Record extracts
####

(* The recurrence for [nb] is the differential equation (1 - q x) M' = q alpha M
   for its generating function M. *)
Lemma nb_pgf_ode x : Rabs x <= 1 ->
  (1 - (1 - p) * x) * PSeries (PS_derive nb) x = (1 - p) * al * PSeries nb x.
Proof.
  intros Hx. assert (Hr := CV_radius_nb_pmf_gt x Hx).
  assert (E : PSeries (PS_derive nb) x =
     PSeries (PS_plus (PS_scal ((1 - p) * al) nb) (PS_scal (1 - p) (PS_incr_1 (PS_derive nb)))) x).
  { apply PSeries_ext. intros k.
    assert (H1 : PS_derive nb k = (1 - p) * al * nb k + (1 - p) * (INR k * nb k)).
    { unfold PS_derive, nb. rewrite nb_pmf_S. unfold nb_rate. ring. }
    assert (H2 : PS_incr_1 (PS_derive nb) k = INR k * nb k).
    { destruct k; [simpl; change (0 = 0 * nb 0); ring | reflexivity]. }
    rewrite H1. unfold PS_plus, PS_scal. rewrite H2.
    change (plus (scal ((1 - p) * al) (nb k)) (scal (1 - p) (INR k * nb k)))
      with ((1 - p) * al * nb k + (1 - p) * (INR k * nb k)).
    ring. }
  rewrite PSeries_plus, !PSeries_scal, PSeries_incr_1 in E.
  - rewrite Rmult_minus_distr_r. rewrite E at 1. ring.
  - apply ex_pseries_scal; [apply Rmult_comm | apply CV_radius_inside; auto].
  - apply ex_pseries_scal; [apply Rmult_comm|]. apply CV_radius_inside.
    rewrite CV_radius_incr_1, CV_radius_derive. auto.
Qed.

(* [M x * (1 - q x)^alpha] has derivative 0 on [0, 1], so M 1 = M 0 / p^alpha = 1. *)
Let pgf_scaled x := PSeries nb x * Rpower (1 - (1 - p) * x) al.

Lemma is_derive_pgf_scaled x : 0 <= x <= 1 -> is_derive pgf_scaled x 0.
Proof.
  intros Hx.
  assert (Hax : Rabs x <= 1) by (rewrite Rabs_right; lra).
  assert (Hpos : 0 < 1 - (1 - p) * x) by nra.
  assert (D1 := is_derive_PSeries nb x (CV_radius_nb_pmf_gt x Hax)).
  assert (D2 : is_derive (fun t => Rpower (1 - (1 - p) * t) al) x
      (scal (- (1 - p)) (al * Rpower (1 - (1 - p) * x) (al - 1)))).
  { apply (is_derive_comp (fun u => Rpower u al) (fun t => 1 - (1 - p) * t)).
    - apply is_derive_Reals, derivable_pt_lim_power. auto.
    - auto_derive; auto. ring. }
  assert (D := is_derive_mult _ _ _ _ _ D1 D2 Rmult_comm).
  assert (R1 : Rpower (1 - (1 - p) * x) al
               = Rpower (1 - (1 - p) * x) (al - 1) * (1 - (1 - p) * x)).
  { rewrite <- (Rpower_1 (1 - (1 - p) * x)) at 3 by auto. rewrite <- Rpower_plus. f_equal. ring. }
  assert (ODE := nb_pgf_ode x Hax).
  apply is_derive_Reals. apply is_derive_Reals in D. unfold pgf_scaled.
  replace 0 with (PSeries (PS_derive nb) x * Rpower (1 - (1 - p) * x) al +
     PSeries nb x * (- (1 - p) * (al * Rpower (1 - (1 - p) * x) (al - 1)))); [exact D|].
  rewrite R1.
  transitivity (Rpower (1 - (1 - p) * x) (al - 1)
    * ((1 - (1 - p) * x) * PSeries (PS_derive nb) x - (1 - p) * al * PSeries nb x)).
  - ring.
  - rewrite ODE. ring.
Qed.

Lemma is_series_nb_pmf : is_series nb 1.
Proof.
  destruct (MVT_gen pgf_scaled 0 1 (fun _ => 0)) as [c [_ E]].
  { intros y Hy. rewrite Rmin_left, Rmax_right in Hy by lra. apply is_derive_pgf_scaled. lra. }
  { intros y Hy. rewrite Rmin_left, Rmax_right in Hy by lra. apply continuity_pt_filterlim.
    apply (ex_derive_continuous (K := R_AbsRing) (V := R_NormedModule)).
    eexists. apply is_derive_pgf_scaled. lra. }
  unfold pgf_scaled in E. rewrite PSeries_0 in E.
  replace (1 - (1 - p) * 1) with p in E by ring. replace (1 - (1 - p) * 0) with 1 in E by ring.
  replace (Rpower 1 al) with 1 in E by (unfold Rpower; rewrite ln_1, Rmult_0_r, exp_0; auto).
  unfold nb in E. rewrite nb_pmf_0 in E.
  assert (Hpw : 0 < Rpower p al) by (unfold Rpower; apply exp_pos).
  assert (PS1 : PSeries nb 1 = 1) by (apply Rmult_eq_reg_r with (Rpower p al); unfold nb; lra).
  assert (S1 : Series nb = 1).
  { rewrite <- PS1. apply Series_ext. intros; rewrite pow1; ring. }
  rewrite <- S1. apply Series_correct, ex_series_nb_pmf.
Qed.
Lemma paradoxical_map_contradicts_mean : False.
Proof.
  assert (hdisj : forall x, moved_cover true x -> moved_cover false x -> False).
  { intros x (j & _ & h1) (j' & _ & h2).
    apply moved_piece_shift in h1 as (a & ha & -> & _).
    apply moved_piece_shift in h2 as (a' & ha' & hx & _).
    destruct (c_paradoxical a a' ha ha') as [_ hv].
    destruct (hv a a' true false) as [_ hb]; simpl; auto. discriminate. }
  assert (hsub : forall b x, moved_cover b x -> H x)
    by (intros b x (j & _ & h); eapply moved_piece_H; eauto).
  assert (hle : (mu (fun x => moved_cover true x \/ moved_cover false x) <= mu H)%R)
    by (apply mu_le; [intros x [h|h]; eapply hsub; eauto|auto]).
  rewrite mu_add, !moved_cover_mean in hle; [lra|apply hsub..|exact hdisj].
Qed.

End Mean.

(** * Sets of small doubling in an amenable subgroup *)

Fixpoint words {T : Type} (S : list T) (n : nat) : list (list T) :=
  match n with
  | 0 => [[]]
  | Datatypes.S n => flat_map (fun w => map (fun s => s :: w) S) (words S n)
  end.

Definition words_below {T : Type} (S : list T) (r : nat) : list (list T) :=
  flat_map (words S) (seq 0 r).

Lemma words_length {T} (S : list T) w : Forall (fun s => In s S) w -> In w (words S (length w)).
Proof.
  induction w as [|a w IH]; intro h; simpl; [auto|].
  inversion h; subst. apply in_flat_map. exists w. split; auto. apply (in_map (fun s => s :: w)); auto.
Qed.

Lemma words_below_in {T} (S : list T) r w :
  Forall (fun s => In s S) w -> length w < r -> In w (words_below S r).
Proof. intros h hl. apply in_flat_map. exists (length w). split; [apply in_seq; lia|]. apply words_length, h. Qed.

Lemma words_below_mono {T} (S : list T) r r' : r <= r' -> incl (words_below S r) (words_below S r').
Proof.
  intros hle w (i & hi & hw)%in_flat_map. apply in_seq in hi.
  apply in_flat_map. exists i. split; auto. apply in_seq. lia.
Qed.

Section SmallDoubling.
Variable G : Group.
Local Notation "x ** y" := (@gmul G x y) (at level 40, left associativity).
Local Notation "x ^-1" := (@ginv G x) (at level 2).
Variable H : G -> Prop.
Hypothesis H_subgroup : subgroup H.
Variable E : list G.

Definition product_set (K E : list G) : list G := map (fun p => fst p ** snd p) (list_prod K E).

(* Passing to inverses, K E becomes E⁻¹ K⁻¹. *)
Lemma expansion_of_large_doubling :
  (forall K, K <> [] -> NoDup K -> (forall k, In k K -> H k) ->
     2 * length K < card (product_set K E)) ->
  forall P, (forall x, In x P -> H x) ->
    2 * card P <= card (map (fun q => (snd q)^-1 ** fst q) (list_prod P E)).
Proof.
  intros hdoub P hP. destruct P as [|p0 P'] eqn:eP; [unfold card; simpl; lia|]. rewrite <- eP in *.
  set (K := nodup cdec (map (@ginv G) P)).
  assert (hK : K <> []).
  { intro e. assert (hin : In (p0^-1) K) by (apply nodup_In, in_map; subst P; now left).
    rewrite e in hin; destruct hin. }
  assert (hKH : forall k, In k K -> H k).
  { intros k (x & <- & hx)%nodup_In%in_map_iff. apply H_subgroup; auto. }
  assert (e1 : length K = card P) by apply (card_map_inj (@ginv G)), ginv_inj.
  assert (e2 : card (product_set K E) = card (map (fun q => (snd q)^-1 ** fst q) (list_prod P E))).
  { rewrite <- (card_map_inj (@ginv G) (product_set K E)) by apply ginv_inj.
    apply card_ext. intro w. rewrite !in_map_iff. split.
    - intros (y & <- & ([k e] & <- & [hk he]%in_prod_iff)%in_map_iff).
      apply nodup_In, in_map_iff in hk as (x & <- & hx).
      exists (x, e). simpl. split; [rewrite ginvM, ginvK; reflexivity|apply in_prod; auto].
    - intros ([x e] & <- & [hx he]%in_prod_iff).
      exists (x^-1 ** e). simpl. split; [rewrite ginvM, ginvK; reflexivity|].
      apply in_map_iff. exists (x^-1, e). split; auto. apply in_prod; auto.
      apply nodup_In, in_map; auto. }
  specialize (hdoub K hK (NoDup_nodup _ _) hKH). lia.
Qed.
Lemma cor54_params_equiv_nbhd_classes p : List.In p cor54_params ->
  param_bounded_by p nbhd_classes_param /\ param_bounded_by nbhd_classes_param p.
Proof.
case=> [<-|[<-|[<-|[<-|[<-|[]]]]]]; split.
- by exists succn => T e _ _; apply: nbhd_classes_leq_Delta_tilde.
- by exists id => T e esym _; apply: Delta_tilde_leq_nbhd_classes esym.
- exists (fun n => n.+1 * 2 ^ n.+1) => T e esym _.
  exact: nbhd_classes_leq_cdeg esym.
- exists (fun n => n * 2 ^ n) => T e esym _.
  exact: cdeg_leq_nbhd_classes esym.
- exists (fun n => n ^ 2) => T e esym _.
  exact: nbhd_classes_leq_cideg_omega_sq esym.
- exists (fun n => 2 ^ n) => T e esym _.
  exact: cideg_omega_leq_exp_nbhd_classes esym.
- exists (fun n => 4 ^ n.+1) => T e esym eirr.
  exact: nbhd_classes_leq_exp_alpha_omega esym eirr.
- exists (fun n => 2 ^ n) => T e esym _ /=.
  apply: leq_trans (alpha_omega_leq_theta_omega e) _.
  apply: leq_trans (theta_omega_leq_cideg_omega esym) _.
  exact: cideg_omega_leq_exp_nbhd_classes esym.
- exists (fun n => 4 ^ n.+1) => T e esym eirr /=.
  apply: leq_trans (nbhd_classes_leq_exp_alpha_omega esym eirr) _.
  by rewrite leq_pexp2l // ltnS alpha_omega_leq_theta_omega.
- exists (fun n => 2 ^ n) => T e esym _ /=.
  apply: leq_trans (theta_omega_leq_cideg_omega esym) _.
  exact: cideg_omega_leq_exp_nbhd_classes esym.
Qed.
(* Let $n$ and $0<n_1<\cdots<n_d<n$ be integers with $m_1=n_1$, $m_k=n_k-n_{k-1}$ ($2\le k\le d$), $m_{d+1}=n-n_d$, and regard $\mathrm{Flag}(n_1,\dots,n_d;n)=\{(VJ_1V^{\mathsf T},\dots,VJ_dV^{\mathsf T}):V\in\mathrm{O}(n)\}$ as a submanifold of $(\mathbb{R}^{n\times n})^d$ with the Frobenius inner product. Let $V(t)$ be a differentiable curve in $\mathrm{O}(n)$ with $\Lambda(t)=V(t)^{\mathsf T}\dot V(t)$ satisfying $\Lambda(k,k)\equiv0$ ($k=1,\dots,d+1$), $c(t)=V(t)(J_1,\dots,J_d)V(t)^{\mathsf T}$, and let $X(t)\in\mathfrak{so}(n)$ be differentiable with $X(k,k)\equiv0$. Let \[ T_3(t)=V(t)\big(\Lambda J_1X+XJ_1\Lambda,\dots,\Lambda J_dX+XJ_d\Lambda\big)V(t)^{\mathsf T}. \] Then the orthogonal projection of $T_3(t)$ onto $\mathbb{T}_{c(t)}\mathrm{Flag}(n_1,\dots,n_d;n)$ equals $V(t)(Z_1(t),\dots,Z_d(t))V(t)^{\mathsf T}$, where $Z_1,\dots,Z_d$ are symmetric with blocks \[ Z_k(p,q)=\begin{cases}-\sum_{1\le l\le d,\ l\ne k}\big(X(k,l)\Lambda(l,d+1)+\Lambda(l,k)^{\mathsf T}X(d+1,l)^{\mathsf T}\big), & p=k,\ q=d+1,\\[2pt] -\sum_{1\le l\le d,\ l\ne k}\big(X(d+1,l)\Lambda(l,k)+\Lambda(l,d+1)^{\mathsf T}X(k,l)^{\mathsf T}\big), & p=d+1,\ q=k,\\[2pt] 0, & \text{otherwise}.\end{cases} \]
   Context: $J_k=\operatorname{diag}(-I_{m_1},\dots,-I_{m_{k-1}},I_{m_k},-I_{m_{k+1}},\dots,-I_{m_{d+1}})$. $V(X_1,\dots,X_d)V^{\mathsf T}$ denotes $(VX_1V^{\mathsf T},\dots,VX_dV^{\mathsf T})$. For an $n\times n$ matrix $M$, $M(p,q)$ denotes its $(p,q)$ block in the partition $n=m_1+\cdots+m_{d+1}$. *)

From HB Require Import structures.
From mathcomp Require Import all_boot all_order all_algebra.
From mathcomp Require Import all_classical all_reals all_analysis.
Set Implicit Arguments. Unset Strict Implicit. Unset Printing Implicit Defensive.
Import Order.TTheory GRing.Theory Num.Theory.
Local Open Scope ring_scope.

Section FlagDefs.
Variable R : realType.
Variables (n d : nat) (nb : nat -> nat).
(* nb k = n_k for 1 <= k <= d; blocks are indexed 1 .. d+1. *)

Definition bd (k : nat) : nat :=
  if k == 0%N then 0%N else if (k <= d)%N then nb k else n.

####

Problem details
Start with the line above that contains "Hypothesis H_subgroup : subgroup H." and stop after the line that contains "assert (e1 : length". Output those lines exactly, and only those.

Output
Hypothesis H_subgroup : subgroup H.
Variable E : list G.

Definition product_set (K E : list G) : list G := map (fun p => fst p ** snd p) (list_prod K E).

(* Passing to inverses, K E becomes E⁻¹ K⁻¹. *)
Lemma expansion_of_large_doubling :
  (forall K, K <> [] -> NoDup K -> (forall k, In k K -> H k) ->
     2 * length K < card (product_set K E)) ->
  forall P, (forall x, In x P -> H x) ->
    2 * card P <= card (map (fun q => (snd q)^-1 ** fst q) (list_prod P E)).
Proof.
  intros hdoub P hP. destruct P as [|p0 P'] eqn:eP; [unfold card; simpl; lia|]. rewrite <- eP in *.
  set (K := nodup cdec (map (@ginv G) P)).
  assert (hK : K <> []).
  { intro e. assert (hin : In (p0^-1) K) by (apply nodup_In, in_map; subst P; now left).
    rewrite e in hin; destruct hin. }
  assert (hKH : forall k, In k K -> H k).
  { intros k (x & <- & hx)%nodup_In%in_map_iff. apply H_subgroup; auto. }
  assert (e1 : length K = card P) by apply (card_map_inj (@ginv G)), ginv_inj.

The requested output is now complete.